TASK TO COMPLETE
Among the entries below, find all lines that include "every" and copy them.

____ SOURCE MATERIAL

(* Let $I=\{1,2\}$, $A=\{x,y\}$ with $x\ne y$, let $\mathcal C=\mathcal C(I,A,(\rho_i)_{i\in I},(C^a)_{a\in A})$ be a Cartan scheme with $\rho_1(x)=y$, $\rho_1(y)=x$, $\rho_2=\mathrm{id}_A$, and let $\mathcal R=\mathcal R(\mathcal C,(R^a)_{a\in A})$ be a root system of type $\mathcal C$. Then $\mathcal R$ is finite if and only if, up to interchanging $x$ and $y$, one of the following holds: (1) $C^x=C^y$ is of finite type $A_1\times A_1$, $B_2$ or $G_2$, i.e. $c^x_{12}=c^x_{21}=0$ or $c^x_{12}c^x_{21}\in\{2,3\}$; (2) $c^x_{12}=c^y_{12}=-1$, $c^x_{21}=-3$ and $c^y_{21}\in\{-4,-5\}$. In case (1), $R^x=R^y$ is the usual set of roots of the generalized Cartan matrix $C^x=C^y$. In case (2), writing $1^m2^n$ for $m\alpha_1+n\alpha_2$ (exponents $1$ and factors with exponent $0$ omitted), one has, if $c^y_{21}=-4$: $R^x_+=\{1,2,12,12^2,12^3,1^22^3,1^32^4,1^32^5\}$, $R^y_+=\{1,2,12,12^2,12^3,12^4,1^22^3,1^22^5\}$; and if $c^y_{21}=-5$: $R^x_+=\{1,2,12,12^2,12^3,1^22^3,1^32^4,1^32^5,1^42^5,1^42^7,1^52^7,1^52^8\}$, $R^y_+=\{1,2,12,12^2,12^3,12^4,12^5,1^22^3,1^22^5,1^22^7,1^32^7,1^32^8\}$.
   Context: Let $\{\alpha_i\mid i\in I\}$ be the standard basis of $\mathbb Z^I$; $\mathbb N_0=\{0,1,2,\dots\}$. A generalized Cartan matrix is $C=(c_{ij})_{i,j\in I}\in\mathbb Z^{I\times I}$ with $c_{ii}=2$, $c_{jk}\le0$ for $j\ne k$, and $c_{ij}=0\Rightarrow c_{ji}=0$. A Cartan scheme $\mathcal C=\mathcal C(I,A,(\rho_i)_{i\in I},(C^a)_{a\in A})$ consists of a nonempty set $A$, maps $\rho_i:A\to A$ and generalized Cartan matrices $C^a=(c^a_{jk})_{j,k\in I}$ such that (C1) $\rho_i^2=\mathrm{id}$ and (C2) $c^a_{ij}=c^{\rho_i(a)}_{ij}$ for all $a\in A$, $i,j\in I$. For $i\in I$, $a\in A$ let $\sigma_i^a\in\mathrm{Aut}(\mathbb Z^I)$, $\sigma_i^a(\alpha_j)=\alpha_j-c^a_{ij}\alpha_i$. A root system of type $\mathcal C$ is a family $\mathcal R=\mathcal R(\mathcal C,(R^a)_{a\in A})$ of subsets $R^a\subset\mathbb Z^I$ such that, writing $R^a_+=R^a\cap\mathbb N_0^I$ and $m^a_{i,j}=|R^a\cap(\mathbb N_0\alpha_i+\mathbb N_0\alpha_j)|$, for all $a\in A$, $i,j\in I$: (R1) $R^a=R^a_+\cup(-R^a_+)$; (R2) $R^a\cap\mathbb Z\alpha_i=\{\alpha_i,-\alpha_i\}$; (R3) $\sigma_i^a(R^a)=R^{\rho_i(a)}$; (R4) if $i\neq j$ and $m^a_{i,j}$ is finite then $(\rho_i\rho_j)^{m^a_{i,j}}(a)=a$. It is finite if every $R^a$ is finite. *)

From HB Require Import structures.
From mathcomp Require Import all_boot all_order all_algebra.
Set Implicit Arguments. Unset Strict Implicit. Unset Printing Implicit Defensive.
Import Order.TTheory GRing.Theory Num.Theory.
Local Open Scope ring_scope.

Definition zvec (I : finType) := {ffun I -> int}.

Definition alpha (I : finType) (i : I) : zvec I := [ffun j => ((i == j) : nat)%:Z].

Definition nonneg (I : finType) (v : zvec I) : Prop := forall j, 0 <= v j.

Definition is_gcm (I : finType) (c : I -> I -> int) : Prop :=
  [/\ forall i, c i i = 2,
      forall j k, j != k -> c j k <= 0
    & forall i j, c i j = 0 -> c j i = 0].

Definition cartan_scheme (I : finType) (A : Type)
  (rho : I -> A -> A) (C : A -> I -> I -> int) : Prop :=
  [/\ forall a, is_gcm (C a),
      forall i a, rho i (rho i a) = a
    & forall a i j, C a i j = C (rho i a) i j].

Definition sigma (I : finType) (A : Type) (C : A -> I -> I -> int)
  (i : I) (a : A) (v : zvec I) : zvec I :=
  v - alpha i *~ (\sum_(j : I) C a i j * v j).

Definition root_system (I : finType) (A : Type)
  (rho : I -> A -> A) (C : A -> I -> I -> int) (R : A -> zvec I -> Prop) : Prop :=
  [/\ forall a v, R a v <-> ((R a v /\ nonneg v) \/ (R a (- v) /\ nonneg (- v))),
      forall a i v, (R a v /\ exists k : int, v = alpha i *~ k) <->
                               (v = alpha i \/ v = - alpha i),
      forall a i v, R (rho i a) v <-> exists2 w, R a w & v = sigma C i a w
    & forall a i j, i != j ->
         forall s : seq (zvec I), uniq s ->
         (forall v, v \in s <-> (R a v /\ exists m n : nat, v = alpha i *+ m + alpha j *+ n)) ->
         iter (size s) (fun b => rho i (rho j b)) a = a].

Definition finite_root_system (I : finType) (A : Type) (R : A -> zvec I -> Prop) : Prop :=
  forall a, exists s : seq (zvec I), forall v, R a v <-> v \in s.

(* The usual (real) roots of a generalized Cartan matrix c: the orbit of the simple
   roots under the Weyl group generated by the simple reflections s_i. *)
Definition refl (I : finType) (c : I -> I -> int) (i : I) (v : zvec I) : zvec I :=
  v - alpha i *~ (\sum_(j : I) c i j * v j).
Definition usual_roots (I : finType) (c : I -> I -> int) (v : zvec I) : Prop :=
  exists (w : seq I) (j : I), v = foldr (refl c) (alpha j) w.

Definition i1 : 'I_2 := @Ordinal 2 0 isT.
Definition i2 : 'I_2 := @Ordinal 2 1 isT.

Definition r12 (m n : nat) : zvec 'I_2 := alpha i1 *+ m + alpha i2 *+ n.

Definition case1 (A : Type) (C : A -> 'I_2 -> 'I_2 -> int) (u v : A) : Prop :=
  C u = C v /\
  ((C u i1 i2 = 0 /\ C u i2 i1 = 0) \/ C u i1 i2 * C u i2 i1 = 2 \/ C u i1 i2 * C u i2 i1 = 3).

Definition case2 (A : Type) (C : A -> 'I_2 -> 'I_2 -> int) (u v : A) : Prop :=
  [/\ C u i1 i2 = -1, C v i1 i2 = -1, C u i2 i1 = -3 & (C v i2 i1 = -4 \/ C v i2 i1 = -5)].

Definition Rx4 : seq (zvec 'I_2) :=
  [:: r12 1 0; r12 0 1; r12 1 1; r12 1 2; r12 1 3; r12 2 3; r12 3 4; r12 3 5].
Definition Ry4 : seq (zvec 'I_2) :=
  [:: r12 1 0; r12 0 1; r12 1 1; r12 1 2; r12 1 3; r12 1 4; r12 2 3; r12 2 5].
Definition Rx5 : seq (zvec 'I_2) :=
  [:: r12 1 0; r12 0 1; r12 1 1; r12 1 2; r12 1 3; r12 2 3; r12 3 4; r12 3 5;
      r12 4 5; r12 4 7; r12 5 7; r12 5 8].
Definition Ry5 : seq (zvec 'I_2) :=
  [:: r12 1 0; r12 0 1; r12 1 1; r12 1 2; r12 1 3; r12 1 4; r12 1 5; r12 2 3;
      r12 2 5; r12 2 7; r12 3 7; r12 3 8].

Definition pos_roots_are (A : Type) (R : A -> zvec 'I_2 -> Prop) (a : A)
  (s : seq (zvec 'I_2)) : Prop :=
  forall v, (R a v /\ nonneg v) <-> v \in s.

From mathcomp Require Import all_boot all_order all_algebra.
From mathcomp Require Import zify ring lra.
From Stdlib Require Import FunctionalExtensionality.
From Stdlib Require ClassicalDescription.

(* Write a = c^x_12 = c^y_12, b = c^x_21 and d = c^y_21. The walk
   x -1-> y -2-> y -1-> x -2-> x composes four simple reflections into an integer
   matrix M of determinant 1 mapping R^x into itself. If R is finite, M has finite
   order, so |tr M| <= 1 or M = +-1; since tr M = (ab - 2)(ad - 2) - 2, this bounds
   a, b, d, and a finite search leaves the listed types together with a = b = d = -1,
   which (R4) excludes because (rho_1 rho_2)^3 x = y.
   Conversely, for each listed type the alternating word of length m = |R^x_+| sends
   both simple roots to negative roots, so every positive root turns negative along
   the word. A simple reflection s_i keeps every positive root other than alpha_i
   positive, hence the positive roots are exactly the roots s_(i_1) ... s_(i_(k-1))
   alpha_(i_k) met along the word, which are computed explicitly. When C^x = C^y,
   these are images of simple roots under reflections of a single Cartan matrix,
   so R^x = R^y is the usual root system. *)

Set Implicit Arguments. Unset Strict Implicit. Unset Printing Implicit Defensive.
Import Order.TTheory GRing.Theory Num.Theory.
Local Open Scope ring_scope.

Section Reflections.
Variables (I : finType) (c : I -> I -> int).

Lemma refl_opp i v : refl c i (- v) = - refl c i v.
Proof.
apply/ffunP => j; rewrite /refl !ffunE ffunMzE ffunE.
under eq_bigr => k _ do rewrite ffunE mulrN.
by rewrite sumrN mulrNz ffunMzE ffunE opprB opprK addrC.
Qed.

Lemma refl_alpha i : c i i = 2 -> refl c i (alpha i) = - alpha i.
Proof.
move=> cii; rewrite /refl (bigD1 i) //= big1 => [|j /negbTE ji]; last first.
  by rewrite ffunE eq_sym ji mulr0.
by rewrite ffunE eqxx cii addr0 mulr1 -[X in X - _]mulr1z -mulrzBr.
Qed.

Lemma usual_roots_opp v : (forall i, c i i = 2) -> usual_roots c v -> usual_roots c (- v).
Proof.
move=> cii [w [j ->]]; exists (rcons w j), j; rewrite foldr_rcons refl_alpha //.
by elim: w => //= i w <-; rewrite refl_opp.
Qed.

End Reflections.

Section RootSystems.
Variables (I : finType) (A : Type) (rho : I -> A -> A) (C : A -> I -> I -> int).
Variable R : A -> zvec I -> Prop.
Hypothesis hR : root_system rho C R.

Lemma root_sign a v : R a v -> nonneg v \/ nonneg (- v).
Proof. by case: hR => /(_ a v) h _ _ _ /h [[]|[]]; auto. Qed.

Lemma root_opp a v : R a v -> R a (- v).
Proof.
case: hR => h1 _ _ _ hv; apply/h1.
by case/h1: hv => [[hv nv]|[]]; [right; rewrite opprK|left].
Qed.

Lemma root_alpha a i : R a (alpha i).
Proof. by case: hR => _ h2 _ _; case: (h2 a i (alpha i)) => _ /(_ (or_introl erefl)) []. Qed.

Lemma root_sigma a i v : R a v -> R (rho i a) (sigma C i a v).
Proof. by case: hR => _ _ h3 _ hv; apply/h3; exists v. Qed.

Lemma root_multiple_alpha a i k :
  R a (alpha i *~ k) -> alpha i *~ k = alpha i \/ alpha i *~ k = - alpha i.
Proof. by case: hR => _ h2 _ _ hv; apply/(h2 a); split=> //; exists k. Qed.

(* [i0] only witnesses that [I] is nonempty: over an empty [I], 0 is a root. *)
Lemma root_neq0 (i0 : I) a v : R a v -> v != 0.
Proof.
move=> hv; apply/eqP => v0; rewrite v0 -(mulr0z (alpha i0)) in hv.
by case: (root_multiple_alpha hv); rewrite mulr0z => /ffunP/(_ i0); rewrite !ffunE eqxx.
Qed.

Lemma root_sigma_nonneg a i v :
  R a v -> nonneg v -> v != alpha i -> nonneg (sigma C i a v).
Proof.
move=> hv nv nvi; have [//|nn] := root_sign (root_sigma i hv).
have vj j : i != j -> v j = 0.
  move=> /negbTE ij; move: (nn j) (nv j).
  rewrite /sigma !ffunE ffunMzE ffunE ij /= mul0rz subr0; lia.
have ev : v = alpha i *~ v i.
  apply/ffunP => j; rewrite ffunMzE ffunE.
  have [<-|ij] := eqVneq i j; first by rewrite /= mulrzz mul1r.
  by rewrite vj //= mul0rz.
rewrite ev in hv; case: (root_multiple_alpha hv); rewrite -ev => e.
  by rewrite e eqxx in nvi.
by move: (nv i); rewrite e !ffunE eqxx.
Qed.

Lemma root_of_usual_root c a v : (forall i, involutive (rho i)) ->
  (forall b, C b = c) -> usual_roots c v -> R a v.
Proof.
move=> rhoK Cc [w [j ->]]; elim: w a => [|i w IH] a /=; first exact: root_alpha.
by have := root_sigma i (IH (rho i a)); rewrite rhoK /sigma Cc.
Qed.

End RootSystems.

Definition coords (v : zvec 'I_2) : int * int := (v i1, v i2).
Definition of_coords (p : int * int) : zvec 'I_2 := [ffun j => if j == i1 then p.1 else p.2].

Lemma ord2P (j : 'I_2) : j = i1 \/ j = i2.
Proof. by case: j => [[|[|k]] ltj]; [left; apply: val_inj|right; apply: val_inj|]. Qed.

Lemma coordsK : cancel coords of_coords.
Proof. by move=> v; apply/ffunP => j; rewrite ffunE; case: (ord2P j) => ->. Qed.

Lemma of_coordsK : cancel of_coords coords.
Proof. by case=> p1 p2; rewrite /coords !ffunE. Qed.

Lemma sum_ord2 (F : 'I_2 -> int) : \sum_j F j = F i1 + F i2.
Proof.
rewrite big_ord_recr big_ord_recr big_ord0 /= add0r.
by congr (F _ + F _); apply: val_inj.
Qed.

Lemma coords_inj : injective coords. Proof. exact: can_inj coordsK. Qed.

Definition unit2 (i : 'I_2) : int * int := if i == i1 then (1, 0) else (0, 1).
Definition nonneg2 (p : int * int) : bool := (0 <= p.1) && (0 <= p.2).
Definition nonpos2 (p : int * int) : bool := (p.1 <= 0) && (p.2 <= 0).

Lemma coords_alpha i : coords (alpha i) = unit2 i.
Proof. by rewrite /coords /unit2 !ffunE; case: (ord2P i) => ->. Qed.

Lemma coords_r12 m n : coords (r12 m n) = (m%:Z, n%:Z).
Proof. by rewrite /coords /r12 !ffunE !ffunMnE !ffunE /=; congr (_, _); lia. Qed.

Lemma coords_opp v : coords (- v) = - coords v.
Proof. by rewrite /coords !ffunE. Qed.

Lemma nonneg_coords v : nonneg v <-> nonneg2 (coords v).
Proof.
split=> [nv|/andP[nv1 nv2] j]; first by rewrite /nonneg2 !nv.
by case: (ord2P j) => ->.
Qed.

Lemma nonneg_r12 v : (exists m n : nat, v = alpha i1 *+ m + alpha i2 *+ n) <-> nonneg v.
Proof.
split=> [[m [n ->]]|/nonneg_coords/andP[nv1 nv2]].
  by apply/nonneg_coords; rewrite -/(r12 m n) coords_r12.
exists `|v i1|%N, `|v i2|%N; rewrite -/(r12 _ _); apply: coords_inj.
by rewrite coords_r12 !gez0_abs.
Qed.

Definition refl2 (c : 'I_2 -> 'I_2 -> int) (i : 'I_2) (p : int * int) : int * int :=
  if i == i1 then (- p.1 - c i1 i2 * p.2, p.2) else (p.1, - c i2 i1 * p.1 - p.2).

Lemma coords_refl c i v : c i i = 2 -> coords (refl c i v) = refl2 c i (coords v).
Proof.
move=> cii; rewrite /coords /refl /refl2 !ffunE !ffunMzE !ffunE !sum_ord2 /=.
case: (ord2P i) cii => -> /= cii; rewrite cii; congr (_, _); lia.
Qed.

Lemma of_coords_refl2 c i p :
  c i i = 2 -> of_coords (refl2 c i p) = refl c i (of_coords p).
Proof. by move=> cii; apply: coords_inj; rewrite coords_refl // !of_coordsK. Qed.

Lemma refl2K c i : involutive (refl2 c i).
Proof. by case=> p1 p2; rewrite /refl2; case: eqP => _ /=; congr (_, _); ring. Qed.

________

SOLUTION TO THE PROBLEM
   Context: Let $\{\alpha_i\mid i\in I\}$ be the standard basis of $\mathbb Z^I$; $\mathbb N_0=\{0,1,2,\dots\}$. A generalized Cartan matrix is $C=(c_{ij})_{i,j\in I}\in\mathbb Z^{I\times I}$ with $c_{ii}=2$, $c_{jk}\le0$ for $j\ne k$, and $c_{ij}=0\Rightarrow c_{ji}=0$. A Cartan scheme $\mathcal C=\mathcal C(I,A,(\rho_i)_{i\in I},(C^a)_{a\in A})$ consists of a nonempty set $A$, maps $\rho_i:A\to A$ and generalized Cartan matrices $C^a=(c^a_{jk})_{j,k\in I}$ such that (C1) $\rho_i^2=\mathrm{id}$ and (C2) $c^a_{ij}=c^{\rho_i(a)}_{ij}$ for all $a\in A$, $i,j\in I$. For $i\in I$, $a\in A$ let $\sigma_i^a\in\mathrm{Aut}(\mathbb Z^I)$, $\sigma_i^a(\alpha_j)=\alpha_j-c^a_{ij}\alpha_i$. A root system of type $\mathcal C$ is a family $\mathcal R=\mathcal R(\mathcal C,(R^a)_{a\in A})$ of subsets $R^a\subset\mathbb Z^I$ such that, writing $R^a_+=R^a\cap\mathbb N_0^I$ and $m^a_{i,j}=|R^a\cap(\mathbb N_0\alpha_i+\mathbb N_0\alpha_j)|$, for all $a\in A$, $i,j\in I$: (R1) $R^a=R^a_+\cup(-R^a_+)$; (R2) $R^a\cap\mathbb Z\alpha_i=\{\alpha_i,-\alpha_i\}$; (R3) $\sigma_i^a(R^a)=R^{\rho_i(a)}$; (R4) if $i\neq j$ and $m^a_{i,j}$ is finite then $(\rho_i\rho_j)^{m^a_{i,j}}(a)=a$. It is finite if every $R^a$ is finite. *)
   both simple roots to negative roots, so every positive root turns negative along
   the word. A simple reflection s_i keeps every positive root other than alpha_i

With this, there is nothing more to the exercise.